[Stored items]
Lemma eigvec_unique y y' : eigvec y -> eigvec y' ->
  (forall j, (j < m)%nat -> y (p + j)%nat = y' (p + j)%nat) -> forall k, y k = y' k.
Proof.
  intros Hy Hy' Init k. induction k as [k IH] using (well_founded_induction lt_wf).
  destruct (Nat.ltb_spec k p). { rewrite (proj1 Hy), (proj1 Hy'); auto. }
  destruct (Nat.ltb_spec k (p + m)). { replace k with (p + (k - p))%nat by lia. apply Init; lia. }
  set (j := (k - m)%nat).
  pose proof (eigvec_row y Hy j ltac:(unfold j; lia)) as R.
  pose proof (eigvec_row y' Hy' j ltac:(unfold j; lia)) as R'.
  replace (j + m)%nat with k in R, R' by (unfold j; lia).
  rewrite (IH j), (IH (j - m)%nat) in R by (unfold j; lia). rewrite <- R' in R.
  pose proof (up_coef_ge_1 p m j h3 ltac:(unfold j; lia)).
  apply (f_equal re) in R as Rr. apply (f_equal im) in R as Ri. simpl in Rr, Ri.
  apply Ceq; apply Rmult_eq_reg_l with (up_coef p m j); lra.
Qed.

(* The eigenvector with initial coefficients e_i, computed by the recurrence
   y_{j+m} = (lam y_j - jac_lo j y_{j-m}) / up_coef j with enough fuel [n]. *)
Fixpoint eig_fuel (i n k : nat) : Defs.C :=
  match n with
  | O => C0
  | S n' =>
    if Nat.ltb k p then C0
    else if Nat.ltb k (p + m) then (if Nat.eqb k (p + i) then mkC 1 0 else C0)
    else Cscale (/ up_coef p m (k - m))
           (Csub (Cmul lam (eig_fuel i n' (k - m)))
                 (Cscale (jac_lo p m (k - m)) (eig_fuel i n' (k - m - m))))
  end.

Definition eig_basis (i : nat) : vec := fun k => eig_fuel i (S k) k.

Lemma eig_fuel_enough i n k : (k < n)%nat -> eig_fuel i n k = eig_basis i k.
Proof.
  revert k. induction n as [n IH] using (well_founded_induction lt_wf). intros k Hk.
  destruct n as [|n']; [lia|]. unfold eig_basis. simpl.
  destruct (Nat.ltb_spec k p); [reflexivity|]. destruct (Nat.ltb_spec k (p + m)); [reflexivity|].
  destruct k as [|k']; [lia|].
  rewrite (IH n' ltac:(lia) (S k' - m)%nat), (IH n' ltac:(lia) (S k' - m - m)%nat) by lia.
  rewrite (IH (S k') ltac:(lia) (S k' - m)%nat), (IH (S k') ltac:(lia) (S k' - m - m)%nat) by lia.
  reflexivity.
Qed.

Lemma eig_basis_unfold i k : eig_basis i k =
  if Nat.ltb k p then C0
  else if Nat.ltb k (p + m) then (if Nat.eqb k (p + i) then mkC 1 0 else C0)
  else Cscale (/ up_coef p m (k - m))
         (Csub (Cmul lam (eig_basis i (k - m)%nat))
               (Cscale (jac_lo p m (k - m)) (eig_basis i (k - m - m)%nat))).
Proof.
  unfold eig_basis at 1. simpl.
  destruct (Nat.ltb_spec k p); [reflexivity|]. destruct (Nat.ltb_spec k (p + m)); [reflexivity|].
  rewrite !eig_fuel_enough by lia. reflexivity.
Qed.

Lemma eig_basis_init i j : (j < m)%nat -> eig_basis i (p + j)%nat = if Nat.eqb j i then mkC 1 0 else C0.
Proof.
  intros Hj. rewrite eig_basis_unfold.
  destruct (Nat.ltb_spec (p + j) p); [lia|]. destruct (Nat.ltb_spec (p + j) (p + m)); [|lia].
  destruct (Nat.eqb_spec (p + j) (p + i)); destruct (Nat.eqb_spec j i); auto; lia.
Qed.

Lemma eig_basis_eigvec i : eigvec (eig_basis i).
Proof.
  split.
  - intros k Hk. rewrite eig_basis_unfold. destruct (Nat.ltb_spec k p); [reflexivity|lia].
  - intro k. destruct (Nat.ltb_spec k p).
    + rewrite Happly_low, eig_basis_unfold by auto. destruct (Nat.ltb_spec k p); [|lia].
      apply Ceq; simpl; ring.
    + rewrite Happly_jacobi, jac_high, (eig_basis_unfold i (k + m)) by auto.
      destruct (Nat.ltb_spec (k + m) p); [lia|]. destruct (Nat.ltb_spec (k + m) (p + m)); [lia|].
      replace (k + m - m)%nat with k by lia.
      pose proof (up_coef_ge_1 p m k h3 H).
      apply Ceq; unfold Cadd, Cscale, Csub, Cmul; simpl; field; lra.
Qed.

Lemma eig_basis_combination_init (c : nat -> Defs.C) j n : (j < m)%nat ->
  Csum (fun i => Cmul (c i) (eig_basis i (p + j)%nat)) n = if Nat.ltb j n then c j else C0.
Proof.
  intros Hj. induction n as [|n IH]; simpl; auto. rewrite IH, eig_basis_init by auto.
  destruct (Nat.eqb_spec j n); destruct (Nat.ltb_spec j n); destruct (Nat.ltb_spec j (S n));
  try lia; try subst; apply Ceq; unfold Cadd, Cmul; simpl; ring.
Qed.

Hypothesis hs : s * s = 1.

Lemma Cnorm2_lam z : Cnorm2 (Cmul lam z) = Cnorm2 z.
Proof.
  unfold Cnorm2, Cmul, lam; simpl.
  transitivity ((s * s) * (re z * re z + im z * im z)); [ring|rewrite hs; ring].
Qed.

Section Energy.
Variable y : vec.
Hypothesis Hy : eigvec y.

Definition energy (k : nat) : R := up_coef p m k * Cnorm2 (y k).

(* the relative growth allowed for the energy at step k *)
Definition growth (k : nat) : R :=
  if Nat.leb (p + m + m) k then / up_coef p m (k - m - m) + 2 / up_coef p m (k - m) else 0.

Lemma energy_nonneg k : 0 <= energy k.
Proof. apply Rmult_le_pos; [apply up_coef_nonneg|apply Cnorm2_nonneg]. Qed.

Lemma growth_nonneg k : 0 <= growth k.
Proof.
  unfold growth. destruct (Nat.leb_spec (p + m + m) k); [|lra].
  pose proof (up_coef_ge_1 p m (k - m - m) h3 ltac:(lia)).
  pose proof (up_coef_ge_1 p m (k - m) h3 ltac:(lia)).
  assert (0 < / up_coef p m (k - m - m)) by (apply Rinv_0_lt_compat; lra).
  assert (0 < 2 / up_coef p m (k - m)) by (apply Rdiv_lt_0_compat; lra). lra.
Qed.

Lemma energy_step k : (p + m + m <= k)%nat ->
  energy k <= (1 + growth k) * Rmax (energy (k - m)) (energy (k - m - m)).
Proof.
  intros Hk. set (j := (k - m)%nat).
  assert (Hrow := eigvec_row y Hy j ltac:(unfold j; lia)).
  replace (j + m)%nat with k in Hrow by (unfold j; lia).
  rewrite jac_lo_high in Hrow by (unfold j; lia).
  apply (f_equal Cnorm2) in Hrow. rewrite Cnorm2_scale in Hrow.
  pose proof (Cnorm2_sub_scale_le (Cmul lam (y j)) (y (j - m)%nat) (up_coef p m (j - m))
                (up_coef_nonneg p m (j - m))) as Hsub.
  rewrite Cnorm2_lam, <- Hrow in Hsub.
  unfold energy, growth. destruct (Nat.leb_spec (p + m + m) k); [|lia].
  replace (k - m - m)%nat with (j - m)%nat by (unfold j; lia). fold j.
  apply energy_step_real; auto using Cnorm2_nonneg, up_coef_nonneg.
  - apply up_coef_ge_1; auto. unfold j; lia.
  - apply up_coef_ge_1; auto. unfold j; lia.
  - replace k with (j + m)%nat by (unfold j; lia). apply up_coef_logconcave. unfold j; lia.
Qed.

(* growth k = O(k^(-3/2)), so the total growth is finite *)
Lemma growth_bounded : exists E, forall n, sum_f_R0 growth n <= E.
Proof.
  destruct inv_pow32_summable as [L HL].
  set (c := shift_const p (m + m) + 2 * shift_const p m).
  destruct (infinite_sum_le growth (fun n => c * inv_pow32 n) (c * L)) as [E [HE _]].
  - intro n. split; [apply growth_nonneg|]. unfold growth, c.
    pose proof (inv_pow32_pos n). pose proof (shift_const_pos p (m + m)). pose proof (shift_const_pos p m).
    destruct (Nat.leb_spec (p + m + m) n); [|nra].
    pose proof (inv_up_coef_bound p m h3 (m + m) n ltac:(lia)).
    pose proof (inv_up_coef_bound p m h3 m n ltac:(lia)).
    replace (n - m - m)%nat with (n - (m + m))%nat by lia. unfold Rdiv. nra.
  - apply infinite_sum_scal; auto.
  - exists E. intro n. apply partial_sum_le_sum; auto. apply growth_nonneg.
Qed.

(* Discrete Gronwall: energy k <= C exp (growth 0 + ... + growth k). *)
Lemma energy_bounded : exists K, forall k, energy k <= K.
Proof.
  destruct growth_bounded as [E HE].
  set (C := sum_f_R0 energy (p + m + m)).
  assert (HC : 0 <= C) by (apply cond_pos_sum; apply energy_nonneg).
  assert (Gronwall : forall k, energy k <= C * exp (sum_f_R0 growth k)).
  { intro k. induction k as [k IH] using (well_founded_induction lt_wf).
    destruct (Nat.leb_spec k (p + m + m)).
    - pose proof (exp_ineq1_le (sum_f_R0 growth k)). pose proof (cond_pos_sum growth k growth_nonneg).
      apply Rle_trans with C; [apply term_le_partial_sum; auto using energy_nonneg|].
      assert (C * 1 <= C * exp (sum_f_R0 growth k)) by (apply Rmult_le_compat_l; lra). lra.
    - destruct k as [|k']; [lia|].
      assert (Hprev : forall i, (i <= k')%nat -> energy i <= C * exp (sum_f_R0 growth k')).
      { intros i Hi. eapply Rle_trans; [apply IH; lia|]. apply Rmult_le_compat_l; auto.
        apply exp_le_mono, partial_sum_mono; auto using growth_nonneg. }
      change (sum_f_R0 growth (S k')) with (sum_f_R0 growth k' + growth (S k')).
      rewrite exp_plus.
      pose proof (exp_ineq1_le (growth (S k'))). pose proof (growth_nonneg (S k')).
      pose proof (exp_pos (sum_f_R0 growth k')).
      eapply Rle_trans; [apply energy_step; lia|].
      assert (Rmax (energy (S k' - m)) (energy (S k' - m - m)) <= C * exp (sum_f_R0 growth k'))
        by (apply Rmax_lub; apply Hprev; lia).
      assert (0 <= Rmax (energy (S k' - m)) (energy (S k' - m - m)))
        by (eapply Rle_trans; [apply energy_nonneg|apply Rmax_l]).
      apply Rle_trans with (exp (growth (S k')) * (C * exp (sum_f_R0 growth k'))); [|lra].
      apply Rmult_le_compat; lra. }
  exists (C * exp E). intro k. eapply Rle_trans; [apply Gronwall|].
  apply Rmult_le_compat_l; auto. apply exp_le_mono, HE.
Qed.

(* Hence |y_k|^2 <= K / up_coef k = O(k^(-3/2)) is summable. *)
Lemma eigvec_l2 : l2 y.
Proof.
  destruct energy_bounded as [K HK].
  assert (K0 : 0 <= K) by (eapply Rle_trans; [apply (energy_nonneg 0)|apply HK]).
  destruct inv_pow32_summable as [L HL].
  destruct (infinite_sum_le (fun k => Cnorm2 (y k)) (fun k => (K * shift_const p 0) * inv_pow32 k)
              ((K * shift_const p 0) * L)) as [S [HS _]].
  - intro k. split; [apply Cnorm2_nonneg|].
    pose proof (inv_pow32_pos k). pose proof (shift_const_pos p 0).
    destruct (Nat.ltb_spec k p) as [Hlow|Hhigh].
    + rewrite (proj1 Hy k Hlow). unfold Cnorm2; simpl.
      replace (0 * 0 + 0 * 0) with 0 by ring. apply Rmult_le_pos; [apply Rmult_le_pos|]; lra.
    + pose proof (inv_up_coef_bound p m h3 0 k ltac:(lia)) as Hinv. rewrite Nat.sub_0_r in Hinv.
      pose proof (up_coef_ge_1 p m k h3 Hhigh). pose proof (HK k) as Hk. unfold energy in Hk.
      assert (Cnorm2 (y k) <= K * / up_coef p m k).
      { apply Rmult_le_reg_l with (up_coef p m k); [lra|].
        replace (up_coef p m k * (K * / up_coef p m k)) with K by (field; lra). lra. }
      assert (K * / up_coef p m k <= K * (shift_const p 0 * inv_pow32 k)) by (apply Rmult_le_compat_l; auto).
      lra.
  - apply infinite_sum_scal; auto.
  - exists S; auto.
Qed.

End Energy.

_EXERCISE REQUIREMENTS:_ From the records above, repeat exactly the lines from the one with "destruct (infinite_sum_le growth" through the one with "set (C := sum_f_R0 energy (p + m + m)).", both included.

_PROBLEM SOLUTION:_
  destruct (infinite_sum_le growth (fun n => c * inv_pow32 n) (c * L)) as [E [HE _]].
  - intro n. split; [apply growth_nonneg|]. unfold growth, c.
    pose proof (inv_pow32_pos n). pose proof (shift_const_pos p (m + m)). pose proof (shift_const_pos p m).
    destruct (Nat.leb_spec (p + m + m) n); [|nra].
    pose proof (inv_up_coef_bound p m h3 (m + m) n ltac:(lia)).
    pose proof (inv_up_coef_bound p m h3 m n ltac:(lia)).
    replace (n - m - m)%nat with (n - (m + m))%nat by lia. unfold Rdiv. nra.
  - apply infinite_sum_scal; auto.
  - exists E. intro n. apply partial_sum_le_sum; auto. apply growth_nonneg.
Qed.

(* Discrete Gronwall: energy k <= C exp (growth 0 + ... + growth k). *)
Lemma energy_bounded : exists K, forall k, energy k <= K.
Proof.
  destruct growth_bounded as [E HE].
  set (C := sum_f_R0 energy (p + m + m)).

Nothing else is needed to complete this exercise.